On top of that, the symptoms that do occur can be very non-specific. Kidneys, for example, are one of the body’s organs that produce referred pain – where the pain is felt elsewhere from the actual infection or injury – meaning it can be written off as a back ache. Night sweats are common to kidney cancer, too, but these are a common symptom of the menopause.
“For any 55-year-old woman going to the GP with night sweats, there’s only one conversation that you’re really going to have,” Niki points out, “and that’s not the doctor’s fault.”
An unexplained cough, which Niki had because her cancer had metastasised to her lungs, is currently being researched as an indicative symptom. “A lot of patients on kidney cancer patient forums seem to have a cough throughout the stages, even with smaller tumours,” says Tran. “It’s too early to say that there’s a definite, causal link, but it’s certainly something to keep an eye out for.”
Only about 5 to 10 per cent of cases are due to genetics. “We don’t actually know the cause of kidney cancer,” she says simply. “We know it’s associated with the Western lifestyle in terms of obesity, smoking, high blood pressure, but these are quite general associations. I’ve had lots of patients who don’t smoke, who aren’t obese, who don’t have high blood pressure, so I don’t think it’s a very strong link.”
Even with the rates of diagnosis steadily increasing (thanks to scanning more patients) she says that the prognosis for kidney cancer hasn’t improved as much as hoped. “We know that we’re detecting it earlier and if you remove kidney cancer at a very early stage, then most of these patients are cured (95 per cent) and their cancers will never recur.” However, for patients with more advanced tumours the prognosis remains much poorer. “The death rate is still quite high – around 45 per cent will still succumb to kidney cancer.”

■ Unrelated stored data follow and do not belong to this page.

Lemma laurent_boost (i j : 'I_(2 + d')) : laurent 1 (fun z => boost z i j).
Proof.
rewrite -(splitK i) -(splitK j) /boost.
case: (split i) (split j) => [i'|i'] [j'|j'] /=.
- apply: (laurent_ext (_ : laurent 1 (fun z => if i' == j' then ch z else sh z))).
    by case: (i' == j'); [apply: laurent_ch | apply: laurent_sh].
  by move=> z _; rewrite block_mxEul mxE.
- by apply: (laurent_ext (laurent_cst 1 0)) => z _; rewrite block_mxEur mxE.
- by apply: (laurent_ext (laurent_cst 1 0)) => z _; rewrite block_mxEdl mxE.
- by apply: (laurent_ext (laurent_cst 1 (i' == j')%:R)) => z _; rewrite block_mxEdr mxE.
Qed.

End Boost.

Section LaurentMatrices.
Variables (C : numClosedFieldType) (d : nat).

Lemma laurent_mulmxr N (A : C -> 'M[C]_d) (K : 'M[C]_d) :
  (forall i j, laurent N (fun z => A z i j)) ->
  forall i j, laurent N (fun z => (A z *m K) i j).
Proof.
move=> LA i j; apply: (laurent_ext (_ : laurent N (fun z => \sum_k K k j * A z i k))).
  by apply: laurent_sum => k _; apply: laurentZ.
by move=> z _; rewrite mxE; apply: eq_bigr => k _; rewrite mulrC.
Qed.

Lemma laurent_mulmxl N (A : C -> 'M[C]_d) (K : 'M[C]_d) :
  (forall i j, laurent N (fun z => A z i j)) ->
  forall i j, laurent N (fun z => (K *m A z) i j).
Proof.
move=> LA i j; apply: (laurent_ext (_ : laurent N (fun z => \sum_k K i k * A z k j))).
  by apply: laurent_sum => k _; apply: laurentZ.
by move=> z _; rewrite mxE.
Qed.

Lemma laurent_trmx N (A : C -> 'M[C]_d) :
  (forall i j, laurent N (fun z => A z i j)) ->
  forall i j, laurent N (fun z => (A z)^T i j).
Proof. by move=> LA i j; apply: (laurent_ext (LA j i)) => z _; rewrite mxE. Qed.

Lemma laurent_polyfun (p : 'M[C]_d -> C) : polyfun p ->
  exists N, forall A : C -> 'M[C]_d, (forall i j, laurent 1 (fun z => A z i j)) ->
    laurent N (fun z => p (A z)).
Proof.
elim=> [c | i j | f g _ [N1 Lf] _ [N2 Lg] | f g _ [N1 Lf] _ [N2 Lg]].
- by exists 0%N => A _; apply: laurent_cst.
- by exists 1%N => A LA; apply: LA.
- exists (maxn N1 N2) => A LA; apply: laurentD.
    exact: laurent_widen (leq_maxl _ _) (Lf A LA).
  exact: laurent_widen (leq_maxr _ _) (Lg A LA).
- by exists (N1 + N2)%N => A LA; apply: laurentM; [apply: Lf | apply: Lg].
Qed.

Lemma exists_common_bound (I : finType) (P : I -> nat -> Prop) :
  (forall i N M, (N <= M)%N -> P i N -> P i M) ->
  (forall i, exists N, P i N) -> exists N, forall i, P i N.
Proof.
move=> Pwiden PI; suff [N PN] : exists N, forall i, i \in enum I -> P i N.
  by exists N => i; apply: PN; rewrite mem_enum.
elim: (enum I) => [|i s [N PN]]; first by exists 0%N.
have [M PM] := PI i; exists (maxn N M) => j; rewrite inE => /predU1P [-> | js].
  exact: Pwiden (leq_maxr _ _) PM.
exact: Pwiden (leq_maxl _ _) (PN j js).
Qed.

Lemma laurent_holo_entries m (F : 'M[C]_d -> 'M[C]_m) (A B : C -> 'M[C]_d) :
  (forall i j, exists p, polyfun p /\ forall g, LC g -> p g = F g i j) ->
  (forall i j, laurent 1 (fun z => B z i j)) ->
  (forall z, z != 0 -> A z = B z /\ LC (B z)) ->
  exists N, forall i j, laurent N (fun z => F (A z) i j).
Proof.
move=> Fpoly LB AB.
have [|[i j]|N LN] := @exists_common_bound ('I_m * 'I_m)%type
  (fun ij N => laurent N (fun z => F (A z) ij.1 ij.2)).
- by move=> ij N M; apply: laurent_widen.
- have [p [pp Fp]] := Fpoly i j; have [N LN] := laurent_polyfun pp.
  exists N; apply: (laurent_ext (LN _ LB)) => z z0.
  by have [-> LBz] := AB z z0; rewrite Fp.
- by exists N => i j; apply: (LN (i, j)).
Qed.

End LaurentMatrices.

Section SigmaLaurent.
Variables (C : numClosedFieldType) (d' n : nat).
Variables (rho : 'M[C]_(2 + d') -> 'M[C]_n) (omega : 'M[C]_(2 + d') -> 'M[C]_(2 + d')).
Hypotheses (hrho : holo_ext_rep rho) (homega : holo_ext_rep omega).
Local Notation etad := (Defs.eta C (2 + d')).

(* The bound is uniform in the word [w]: a coefficient of [sigma g f] at [w] only
   involves the finitely many words [u] in the support of [f], each contributing
   a product of [size u] entries of [rho] and [omega]. *)
Lemma sigma_boost_laurent (h : 'M[C]_(2 + d')) (f : kelt C (2 + d') n) :
  LC h -> finsupp f ->
  exists N, forall w, laurent N (fun z => sigma rho omega (boost d' z *m h) f w).
Proof.
move=> Lh [s fs].
pose M z := boost d' z *m h.
have LM : forall i j, laurent 1 (fun z => M z i j).
  by apply: laurent_mulmxr; apply: laurent_boost.
have LCM z : z != 0 -> LC (M z) by move=> z0; apply: LC_mul (boost_LC _ z0) Lh.
case: hrho => _ _ rho_poly _; case: homega => _ _ omega_poly _.
have [Nr Lrho] : exists N, forall i j, laurent N (fun z => rho (invmx (M z)) i j).
  apply: (laurent_holo_entries rho_poly (B := fun z => etad *m (M z)^T *m etad)).
    by apply: laurent_mulmxr; apply: laurent_mulmxl; apply: laurent_trmx.
  by move=> z z0; apply: LC_invmx; apply: LCM.
have [No Lomega] : exists N, forall i j, laurent N (fun z => omega (M z) i j).
  by apply: (laurent_holo_entries omega_poly LM) => z z0; split => //; apply: LCM.
pose deg (x : letter (2 + d') n) := (Nr + \sum_(b <- x.2) No)%N.
pose deg_word (u : seq (letter (2 + d') n)) := \sum_(x <- u) deg x.
exists (\max_(u <- s) deg_word u) => w; apply: laurent_sum => u _.
have [fu0|fu_neq0] := eqVneq (f u) 0.
  by apply: (laurent_ext (laurent_cst _ 0)) => z _; rewrite fu0 mul0r.
have us : u \in s by apply: contraNT fu_neq0 => /fs ->.
apply: (laurent_widen (@leq_bigmax_seq _ s xpredT deg_word u us isT)).
apply: laurentZ.
pose F (y x : letter (2 + d') n) z :=
  rho (invmx (M z)) x.1 y.1 * \prod_(q <- zip y.2 x.2) omega (M z) q.1 q.2.
apply: (@laurent_prod_zip _ _ _ F deg) => y x; apply: laurentM; first exact: Lrho.
exact: (@laurent_prod_zip _ _ _ (fun a b z => omega (M z) a b) (fun=> No)).
Qed.

Lemma sigma_boost_interpolation (P : kelt C (2 + d') n -> Prop)
    (h : 'M[C]_(2 + d')) (f : kelt C (2 + d') n) (eps z0 : C) :
  affine_closed P -> LC h -> finsupp f -> eps != 0 -> z0 != 0 ->
  (forall k : nat, P (sigma rho omega (boost d' (eps * k.+1%:R) *m h) f)) ->
  P (sigma rho omega (boost d' z0 *m h) f).
Proof.
move=> affP Lh fs eps0 z00 Pk; have [N LN] := sigma_boost_laurent Lh fs.
apply: (@affine_closed_laurent _ _ P affP N (fun k => eps * k.+1%:R)
  (fun z => sigma rho omega (boost d' z *m h) f)) => //.
- by move=> a b /(mulfI eps0) /eqP; rewrite eqr_nat => /eqP [].
- by move=> k; rewrite mulf_neq0 // pnatr_eq0.
Qed.

End SigmaLaurent.

Section FormalAlgebra.
Variables (C : numClosedFieldType) (d n : nat).
Local Notation kelt := (kelt C d n).
Local Notation letter := (letter d n).

Lemma size_seqs_of_len k (s : seq 'I_d) : s \in seqs_of_len d k -> size s = k.
Proof.
elim: k s => [|k IH] s /=; first by rewrite inE => /eqP ->.
by case/allpairsP => -[i t] /= [_ ts ->] /=; rewrite (IH t).
Qed.

Lemma mem_seqs_of_len (s : seq 'I_d) : s \in seqs_of_len d (size s).
Proof.
elim: s => [|i s IH] /=; first by rewrite inE.
by apply: (allpairs_f (fun i s => i :: s)); rewrite ?mem_enum.
Qed.

Lemma uniq_seqs_of_len k : uniq (seqs_of_len d k).
Proof.
elim: k => [|k IH] //=; apply: allpairs_uniq => //; first exact: enum_uniq.
by move=> [a b] [c e] _ _ /= [-> ->].
Qed.

Lemma size_letters_of_len k (y : letter) : y \in letters_of_len d n k -> size y.2 = k.
Proof. by case/allpairsP => -[b s] /= [_ hs ->] /=; apply: size_seqs_of_len. Qed.

Lemma mem_letters_of_len (y : letter) : y \in letters_of_len d n (size y.2).
Proof.
by case: y => b s /=; apply: (allpairs_f pair); rewrite ?mem_enum ?mem_seqs_of_len.
Qed.

Lemma uniq_letters_of_len k : uniq (letters_of_len d n k).
Proof.
apply: allpairs_uniq; [exact: enum_uniq | exact: uniq_seqs_of_len |].
by move=> [a b] [c e] _ _ /= [-> ->].
Qed.

Lemma mem_same_shape (w : seq letter) : w \in same_shape w.
Proof.
elim: w => [|x w IH] /=; first by rewrite inE.
by apply: (allpairs_f (fun y v => y :: v)) => //; apply: mem_letters_of_len.
Qed.

Lemma uniq_same_shape (w : seq letter) : uniq (same_shape w).
Proof.
elim: w => [|x w IH] //=; apply: allpairs_uniq => //; first exact: uniq_letters_of_len.
by move=> [a b] [c e] _ _ /= [-> ->].
Qed.

Lemma prod_zip_eq (T : eqType) (s t : seq T) : size s = size t ->
  \prod_(p <- zip s t) ((p.1 == p.2)%:R : C) = (s == t)%:R.
Proof.
elim: s t => [|a s IH] [|b t] //=; first by rewrite big_nil.
by move=> [st]; rewrite big_cons IH // eqseq_cons; case: (a == b); rewrite ?mul1r ?mul0r.
Qed.

Lemma sigma1 (rho : 'M[C]_d -> 'M[C]_n) (omega : 'M[C]_d -> 'M[C]_d) (f : kelt) :
  holo_ext_rep rho -> holo_ext_rep omega -> sigma rho omega 1%:M f = f.
Proof.
case=> rho1 _ _ _ [omega1 _ _ _]; apply: functional_extensionality => w.
rewrite /sigma /alg_map /= invmx1 rho1 omega1.
have delta u : u \in same_shape w ->
    \prod_(p <- zip w u) ((1%:M : 'M[C]_n) p.2.1 p.1.1 *
      \prod_(q <- zip p.1.2 p.2.2) (1%:M : 'M[C]_d) q.1 q.2) = (w == u)%:R.
  elim: w {f} u => [|[a s] w IH] u /=; first by rewrite inE => /eqP ->; rewrite big_nil.
  case/allpairsP => -[[b t] v] /= [/size_letters_of_len /= st vw ->] /=.
  rewrite big_cons IH //; under eq_bigr do rewrite mxE.
  rewrite prod_zip_eq // mxE eqseq_cons xpair_eqE [b == a]eq_sym.
  by case: (a == b); case: (s == t); case: (w == v); rewrite /= ?mul1r ?mul0r ?mulr0.
rewrite (bigD1_seq w) ?mem_same_shape ?uniq_same_shape //= delta ?mem_same_shape //.
rewrite eqxx mulr1 big1_seq ?addr0 // => u /andP [uw us].
by rewrite delta // eq_sym (negbTE uw) mulr0.
Qed.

The good news is that you can live a full life with advanced kidney cancer, as Niki herself attests. She started immunotherapy and responded to it well – she says that within six weeks her cough and her night sweats stopped, and by Christmas of 2022 “my kidney tumour had shrunk to less than half its size, and my lungs had pretty much cleared”. She has very regular scans, and has had tumours found and treated in her breast, brain and bowel. The breast lump disappeared with immunotherapy, while the other tumours were operable and removed with little impact on her.
Other than scans every three months on her torso, every six months on the head, and an hour and a half of treatment at the hospital once a month, she continues to live life as fully as she can.
“A friend of mine has also got advanced kidney cancer and she can’t bring herself to eat processed meat because it can raise the risk. But I say to her that we’ve already got it – it’s already as bad as it can be. There are so many other restrictions in my life and I still have to live.”
She’s keen to emphasise that her kidney cancer may be advanced but it’s not terminal. “I never say that it’s incurable. At the moment, I am trying to live well with the hand I’ve been dealt. And I don’t think on any planet any other woman with my symptoms would have got answers quicker than I did. None of us thought it was going to be cancer.”
Tran agrees. “No one wants cancer, and it’s not one of those that automatically means your life is going to be shortened, especially if it is detected early. There’s lots of management options out there, including active surveillance for very small tumours.”
However, both caution that it’s key to get things checked if you have changes that persist. Changes in night sweats, pain in the flank, torso or back, and a persistent cough can all be warning signs that warrant investigation.